Music / Reviews
Review: Bristol Rocks#1, Fleece
Well played Synthetica, five bands for a fiver on a wet miserable Sunday night is a great way of fighting the back to work blues.
Alas a change to the start time and a tardy reviewer means the appraisal of Karma Control is based on one song, which is hardly fair but that tune sounded good enough to warrant a trip out to catch them again and see the full show. So apologies to them for the brief mention. The unusually named TYPE” played a confident set: they’re competent players and bursting with a zillion ideas, but are arguably trying to cram too many ideas in to each song. Jah Wobble bass is a real positive, carrying the tunes during the solos, and the drumming was tight with great vocals too. The band have presence but they need to be editing the songs to really hit home. Work in progress for sure but with definite promise of more to come. Stone Cold Fiction delivered an assured set, a 21st century take on ye olde power trio vibe. Their version of the blues is reminiscent of Taste or Cream, but with a modern sounding groove and 21st century dynamics, so no tedious extended jams, just sharply paced songs with some catchy riffs and choruses.

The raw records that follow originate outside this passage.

Lemma cross_comb_l a x b y : cross (comb a x b y) y = a * cross x y.
Proof. unfold cross, comb; simpl; ring. Qed.

Lemma cross_scal_r k x y : cross x (scal k y) = k * cross x y.
Proof. unfold cross, scal; simpl; ring. Qed.

Lemma comb_coords u v x :
  cross u v <> 0 -> x = comb (cross x v / cross u v) u (cross u x / cross u v) v.
Proof.
  intro Huv; destruct u, v, x; unfold cross, comb in *; simpl in *.
  f_equal; field; exact Huv.
Qed.

Lemma lin_equiv_of_basis (G N : TypeA) (u v : R * R) :
  cross u v <> 0 ->
  mul G u u = comb (ca N) u (cb N) v ->
  mul G u v = comb (cc N) u (cd N) v ->
  mul G v v = comb (ce N) u (cf N) v ->
  lin_equiv G N.
Proof.
  intros Huv Huu Hu_v Hvv.
  assert (coords : forall a b w, w = comb a u b v ->
            a = cross w v / cross u v /\ b = cross u w / cross u v).
  { intros a b w ->; unfold cross, comb; simpl; split; field; exact Huv. }
  destruct N as [a b c d e f]; simpl in *.
  destruct (coords _ _ _ Huu) as [-> ->], (coords _ _ _ Hu_v) as [-> ->],
    (coords _ _ _ Hvv) as [-> ->].
  clear coords Huu Hu_v Hvv.
  destruct u as [u1 u2], v as [v1 v2]; unfold cross in Huv; simpl in Huv.
  (* T is the inverse of the matrix with columns u, v. *)
  exists (fun p q => match p, q with
    | i1, i1 => v2 / (u1 * v2 - u2 * v1) | i1, i2 => - v1 / (u1 * v2 - u2 * v1)
    | i2, i1 => - u2 / (u1 * v2 - u2 * v1) | i2, i2 => u1 / (u1 * v2 - u2 * v1) end).
  split.
  - unfold det2.
    replace (_ - _) with (/ (u1 * v2 - u2 * v1)) by (field; exact Huv).
    now apply Rinv_neq_0_compat.
  - intros i j l; destruct i, j, l; unfold sum2, mul, cross; simpl; field; exact Huv.
Qed.

Lemma lin_equiv_sym G1 G2 : lin_equiv G1 G2 -> lin_equiv G2 G1.
Proof.
  intros [T [HT H]].
  apply (lin_equiv_of_basis G2 G1 (T i1 i1, T i2 i1) (T i1 i2, T i2 i2)).
  - unfold cross, det2 in *; simpl; lra.
  - pose proof (H i1 i1 i1); pose proof (H i1 i1 i2).
    unfold mul, comb, sum2 in *; simpl in *; f_equal; lra.
  - pose proof (H i1 i2 i1); pose proof (H i1 i2 i2).
    unfold mul, comb, sum2 in *; simpl in *; f_equal; lra.
  - pose proof (H i2 i2 i1); pose proof (H i2 i2 i2).
    unfold mul, comb, sum2 in *; simpl in *; f_equal; lra.
Qed.

Lemma mul_left_comm G x y z : flat G -> mul G x (mul G y z) = mul G y (mul G x z).
Proof.
  intro HG. destruct x as [x1 x2], y as [y1 y2], z as [z1 z2].
  unfold mul; simpl; f_equal; apply Rminus_diag_uniq.
  - transitivity ((x1 * y2 - x2 * y1) * (z1 * curv G i1 i2 i1 i1 + z2 * curv G i1 i2 i2 i1)).
    + unfold curv, sum2; simpl; ring.
    + rewrite !HG; ring.
  - transitivity ((x1 * y2 - x2 * y1) * (z1 * curv G i1 i2 i1 i2 + z2 * curv G i1 i2 i2 i2)).
    + unfold curv, sum2; simpl; ring.
    + rewrite !HG; ring.
Qed.

Lemma mul_assoc G x y z : flat G -> mul G (mul G x y) z = mul G x (mul G y z).
Proof. intro HG. now rewrite mul_comm, (mul_left_comm _ _ _ _ HG), (mul_comm G z). Qed.

Definition trace (G : TypeA) (x : R * R) : R :=
  fst (mul G x (1, 0)) + snd (mul G x (0, 1)).

Definition ldet (G : TypeA) (x : R * R) : R :=
  cross (mul G x (1, 0)) (mul G x (0, 1)).

(* [trace G x] is the scalar product of x with [trace_vec G]; [trace_null G] is that
   vector turned by a right angle, so it spans the kernel of [trace G] when nonzero. *)
Definition trace_vec (G : TypeA) : R * R := (ca G + cd G, cc G + cf G).

Definition trace_null (G : TypeA) : R * R := (cc G + cf G, - (ca G + cd G)).

Lemma trace_scal G k x : trace G (scal k x) = k * trace G x.
Proof. unfold trace, mul, scal; simpl; ring. Qed.

Lemma cross_trace_null G x : cross x (trace_null G) = - trace G x.
Proof. unfold cross, trace, trace_null, mul; simpl; ring. Qed.

Lemma trace_in_basis G x u v :
  trace G x * cross u v = cross (mul G x u) v + cross u (mul G x v).
Proof. unfold trace, cross, mul; simpl; ring. Qed.

Lemma trace_vec_eq0 G : trace G (trace_vec G) = 0 -> trace_vec G = (0, 0).
Proof.
  intro Htr.
  assert (Hsq : (ca G + cd G)² + (cc G + cf G)² = 0)
    by (rewrite <- Htr; unfold trace, trace_vec, mul, Rsqr; simpl; ring).
  apply Rplus_sqr_eq_0 in Hsq as [H1 H2]; unfold trace_vec; now rewrite H1, H2.
Qed.

(* Cayley-Hamilton for the traceless map L_n. *)
Lemma mul_trace_null_twice G x :
  mul G (trace_null G) (mul G (trace_null G) x) = scal (- ldet G (trace_null G)) x.
Proof. unfold mul, trace_null, scal, ldet, cross; simpl; f_equal; ring. Qed.

Lemma trace_trace_null_sq G :
  flat G -> trace G (mul G (trace_null G) (trace_null G)) = - 2 * ldet G (trace_null G).
Proof.
  intro HG. unfold trace at 1.
  rewrite !(mul_assoc _ _ _ _ HG), !mul_trace_null_twice. unfold scal; simpl; ring.
Qed.

Ltac expand_products u v Huu Huv Hvv :=
  rewrite mul_comb_l, !mul_comb_r, (mul_comm _ v u), Huu, Huv, Hvv;
  destruct u, v; unfold comb, scal; simpl; f_equal; field.

Lemma lin_equiv_Gamma1_basis G u n A B :
  A <> 0 -> cross u n <> 0 -> mul G u u = comb A u B n -> mul G u n = scal A n ->
  mul G n n = (0, 0) -> lin_equiv G (Gamma0 1).
Proof.
  intros HA Hun Huu Hu_n Hnn.
  apply (lin_equiv_of_basis G _ (comb (/ A) u (- B / (A * A)) n) (comb 0 u 1 n)).
  { rewrite cross_comb. apply Rmult_integral_contrapositive_currified; [|exact Hun].
    replace (_ - _) with (/ A) by ring.
    now apply Rinv_neq_0_compat. }
  all: expand_products u n Huu Hu_n Hnn; exact HA.
Qed.

Lemma lin_equiv_Gamma2_basis G u n r :
  0 < r -> cross u n <> 0 -> mul G u u = u -> mul G u n = n ->
  mul G n n = scal (r * r) u -> lin_equiv G (Gamma0 2).
Proof.
  intros Hr Hun Huu Hu_n Hnn.
  apply (lin_equiv_of_basis G _ (comb (-1/2) u (/ (2 * r)) n) (comb (1/2) u (/ (2 * r)) n)).
  { rewrite cross_comb. apply Rmult_integral_contrapositive_currified; [|exact Hun].
    replace (_ - _) with (- / (2 * r)) by (field; lra).
    apply Ropp_neq_0_compat, Rinv_neq_0_compat; lra. }
  all: expand_products u n Huu Hu_n Hnn; lra.
Qed.

Lemma lin_equiv_Gamma3_basis G u n A B :
  A <> 0 -> cross u n <> 0 -> mul G u u = comb A u B n -> mul G u n = (0, 0) ->
  mul G n n = (0, 0) -> lin_equiv G (Gamma0 3).
Proof.
  intros HA Hun Huu Hu_n Hnn.
  apply (lin_equiv_of_basis G _ (comb 0 u 1 n) (comb (/ A) u (B / (A * A)) n)).
  { rewrite cross_comb. apply Rmult_integral_contrapositive_currified; [|exact Hun].
    replace (_ - _) with (- / A) by ring.
    now apply Ropp_neq_0_compat, Rinv_neq_0_compat. }
  all: expand_products u n Huu Hu_n Hnn; exact HA.
Qed.

Lemma lin_equiv_Gamma5_basis G u n r :
  0 < r -> cross u n <> 0 -> mul G u u = u -> mul G u n = n ->
  mul G n n = scal (- (r * r)) u -> lin_equiv G (Gamma0 5).
Proof.
  intros Hr Hun Huu Hu_n Hnn.
  apply (lin_equiv_of_basis G _ (comb 1 u 0 n) (comb 0 u (/ r) n)).
  { rewrite cross_comb. apply Rmult_integral_contrapositive_currified; [|exact Hun].
    replace (_ - _) with (/ r) by ring.
    apply Rinv_neq_0_compat; lra. }
  all: expand_products u n Huu Hu_n Hnn; lra.
Qed.

Lemma lin_equiv_Gamma2_or_Gamma5 G : flat G -> ldet G (trace_null G) <> 0 ->
  lin_equiv G (Gamma0 2) \/ lin_equiv G (Gamma0 5).
Proof.
  intros HG Hdet.
  set (n := trace_null G) in *. set (k := - ldet G n).
  assert (Hk : k <> 0) by (apply Ropp_neq_0_compat; exact Hdet).
  assert (Hn2 : forall x, mul G n (mul G n x) = scal k x)
    by (intro; apply mul_trace_null_twice).
  set (u := scal (/ k) (mul G n n)).
  assert (Huu : mul G u u = u).
  { unfold u; rewrite mul_scal_l, mul_scal_r, (mul_assoc _ _ _ _ HG), Hn2, !scal_scal.
    now replace (/ k * / k * k) with (/ k) by (field; exact Hk). }
  assert (Hun : mul G u n = n).
  { unfold u; rewrite mul_scal_l, mul_comm, Hn2, scal_scal.
    replace (/ k * k) with 1 by (field; exact Hk); apply scal1. }
  assert (Hnn : mul G n n = scal k u).
  { unfold u; rewrite scal_scal. replace (k * / k) with 1 by (field; exact Hk).
    symmetry; apply scal1. }
  assert (Hcross : cross u n = -2).
  { unfold u, n; rewrite cross_trace_null, trace_scal, (trace_trace_null_sq _ HG).
    fold n; unfold k; field; exact Hdet. }
  destruct (Rlt_or_le 0 k) as [Hpos | Hneg].
  - left. apply (lin_equiv_Gamma2_basis G u n (sqrt k)); auto.
    + now apply sqrt_lt_R0.
    + lra.
    + now rewrite sqrt_sqrt by lra.
  - right. apply (lin_equiv_Gamma5_basis G u n (sqrt (- k))); auto.
    + apply sqrt_lt_R0; lra.
    + lra.
    + now rewrite sqrt_sqrt, Ropp_involutive by lra.
Qed.

Section NullTraceCase.

Variable G : TypeA.
Hypothesis HG : flat G.
Hypothesis Hdet : ldet G (trace_null G) = 0.
Hypothesis Htr : trace G (trace_vec G) <> 0.

Let m := trace_vec G.
Let n := trace_null G.

Lemma cross_trace_vec_null : cross m n <> 0.
Proof. unfold n; rewrite cross_trace_null; now apply Ropp_neq_0_compat. Qed.

Lemma trace_null_sq_eq0 : mul G n n = (0, 0).
Proof.
  pose proof cross_trace_vec_null as Hmn.
  assert (Hpar : cross (mul G n n) n = 0).
  { unfold n; rewrite cross_trace_null, (trace_trace_null_sq _ HG), Hdet; ring. }
  set (b := cross m (mul G n n) / cross m n).
  assert (Hnn : mul G n n = scal b n).
  { rewrite (comb_coords m n (mul G n n)) at 1 by exact Hmn.
    rewrite Hpar, Rdiv_0_l; apply comb0l. }
  assert (Hb : b * b * cross m n = 0).
  { pose proof (mul_trace_null_twice G n) as Hn3.
    rewrite Hdet, Ropp_0, scal0 in Hn3; fold n in Hn3.
    rewrite Hnn, mul_scal_r, Hnn, scal_scal in Hn3.
    apply (f_equal (cross m)) in Hn3.
    rewrite cross_scal_r in Hn3; rewrite Hn3; unfold cross; simpl; ring. }
  assert (Hb0 : b = 0).
  { apply Rmult_integral in Hb as [Hb | Hb]; [|contradiction].
    now apply Rmult_integral in Hb as [Hb | Hb]. }
  now rewrite Hnn, Hb0, scal0.
Qed.

Lemma mul_trace_vec_null_parallel : exists l, mul G m n = scal l n.
Proof.
  pose proof cross_trace_vec_null as Hmn.
  set (a := cross (mul G m n) n / cross m n).
  set (l := cross m (mul G m n) / cross m n).
  assert (Hc : mul G m n = comb a m l n) by (now apply comb_coords).
  assert (H0 : mul G n (comb a m l n) = (0, 0)).
  { rewrite <- Hc, (mul_left_comm _ _ _ _ HG), trace_null_sq_eq0.
    unfold mul; simpl; f_equal; ring. }
  rewrite mul_comb_r, (mul_comm G n m), Hc, trace_null_sq_eq0 in H0.
  assert (Ha : a * a * cross m n = 0).
  { transitivity (cross (comb a (comb a m l n) l (0, 0)) n).
    - unfold cross, comb; simpl; ring.
    - rewrite H0; unfold cross; simpl; ring. }
  assert (Ha0 : a = 0).
  { apply Rmult_integral in Ha as [Ha | Ha]; [|contradiction].
    now apply Rmult_integral in Ha as [Ha | Ha]. }
  exists l. now rewrite Hc, Ha0, comb0l.
Qed.

Lemma lin_equiv_Gamma1_or_Gamma3 : lin_equiv G (Gamma0 1) \/ lin_equiv G (Gamma0 3).
Proof.
  pose proof cross_trace_vec_null as Hmn.
  destruct mul_trace_vec_null_parallel as [l Hm_n].
  set (A := cross (mul G m m) n / cross m n).
  set (B := cross m (mul G m m) / cross m n).
  assert (Hmm : mul G m m = comb A m B n) by (now apply comb_coords).
  assert (Hsum : A + l = trace G m).
  { apply (Rmult_eq_reg_r (cross m n)); [|exact Hmn].
    rewrite (trace_in_basis G m m n), Hmm, Hm_n, cross_comb_l, cross_scal_r; ring. }
  assert (Hl : l * (l - A) * cross m n = 0).
  { pose proof (mul_left_comm G n m m HG) as E.
    rewrite Hmm, mul_comb_r, (mul_comm G n m), Hm_n, trace_null_sq_eq0, mul_scal_r, Hm_n,
      scal_scal in E.
    apply (f_equal (cross m)) in E.
    rewrite cross_scal_r in E.
    transitivity (l * l * cross m n - A * l * cross m n); [ring|].
    rewrite <- E; unfold cross, comb, scal; simpl; ring. }
  apply Rmult_integral in Hl as [Hl | Hl]; [|contradiction].
  apply Rmult_integral in Hl as [Hl0 | HlA].
  - right. apply (lin_equiv_Gamma3_basis G m n A B); auto.
    + fold m in Htr; lra.
    + now rewrite Hm_n, Hl0, scal0.
    + exact trace_null_sq_eq0.
  - left. apply (lin_equiv_Gamma1_basis G m n A B); auto.
    + fold m in Htr; lra.
    + now replace A with l by lra.
    + exact trace_null_sq_eq0.
Qed.

End NullTraceCase.

Lemma lin_equiv_Gamma0_or_Gamma4 G : flat G -> trace_vec G = (0, 0) ->
  lin_equiv G (Gamma0 0) \/ lin_equiv G (Gamma0 4).
Proof.
  intros HG Htr.
  pose proof (HG i1 i2 i1 i1) as F1; pose proof (HG i1 i2 i1 i2) as F2;
  pose proof (HG i1 i2 i2 i1) as F3; pose proof (HG i1 i2 i2 i2) as F4.
  destruct G as [a b c d e f]; unfold trace_vec, curv, sum2 in *; simpl in *.
  injection Htr as Had Hcf.
  replace d with (- a) in * by lra. replace f with (- c) in * by lra.
  assert (E1 : a * a + b * c = 0) by lra.
  assert (E2 : a * e = c * c) by lra.
  assert (E3 : b * e = - (a * c)) by lra.
  destruct (Req_dec b 0) as [Hb | Hb].
  - subst b. assert (a = 0) by nra. subst a. assert (c = 0) by nra. subst c.
    destruct (Req_dec e 0) as [He | He].
    + subst e. left.
      apply (lin_equiv_of_basis _ _ (1, 0) (0, 1)); unfold cross, mul, comb; simpl;
        try (f_equal; ring); lra.
    + right.
      apply (lin_equiv_of_basis _ _ (e, 0) (0, 1)); unfold cross, mul, comb; simpl;
        try (f_equal; ring); intro; apply He; lra.
  - right.
    assert (Hc : c = - (a * a) / b) by (replace (- (a * a)) with (b * c) by lra; field; auto).
    assert (He : e = a * a * a / (b * b)).
    { apply (Rmult_eq_reg_l b); auto. rewrite E3, Hc. field. auto. }
    subst c e.
    apply (lin_equiv_of_basis _ _ (a, b) (1, 0)); unfold cross, mul, comb; simpl;
      try (f_equal; field; auto). intro; apply Hb; lra.
Qed.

If you ever wondered what sort of music Carlos Santana would have made if he’d grown up listening to a diet of British psychedelia and seventies funk, then wonder no more because Jupiter’s Carnival can provide the answer. They played a tight groovy set – including all of the newest recording Within Your Mind – that put a smile a smile on both face and feet. Joe O’Connell’s sang marvellously, melding Lowell George gruffness with Sly Stone falsetto whilst deploying particularly fluid lead guitar. The tunes were uniformly funky with a seventies rock edge; Stax sax and trumpet adding punctuation & colours along with keys that swap between a parping sixties Farsifa sound and an organic seventies Hammond groove. The discipline of the funk means the songs don’t outstay their welcome but are extended in to tasty jams. Life affirming stuff for a miserable January night.
John E Visitc’s amp not only goes up to 11, but it goes beyond that to Gonzo. He and his Experience hit the stage hard from the opening tune as they battered the venue with their all-conquering Stooges in space rifforama. JEV was a man on a mission for sure, throwing shapes (double jointed splits an eye watering speciality), pummelling us with riffs and spitting out kosmic solos plucked from the primeval. As always Dan and Guy provide the launch pad for the sonic excess, rock steady drums and melodic bass leaving JEV free to provide the fireworks. An apocalyptic Jupiter would have been the set highlight had JEV not unleashed new cut Die Rattlesnake Die! an absolutely frantic snake bashing belter of a tune. A pulverising encore of Pistelero rounded off the evening in ear splitting fashion – the Long Tall V delivers again and disappears in to the night.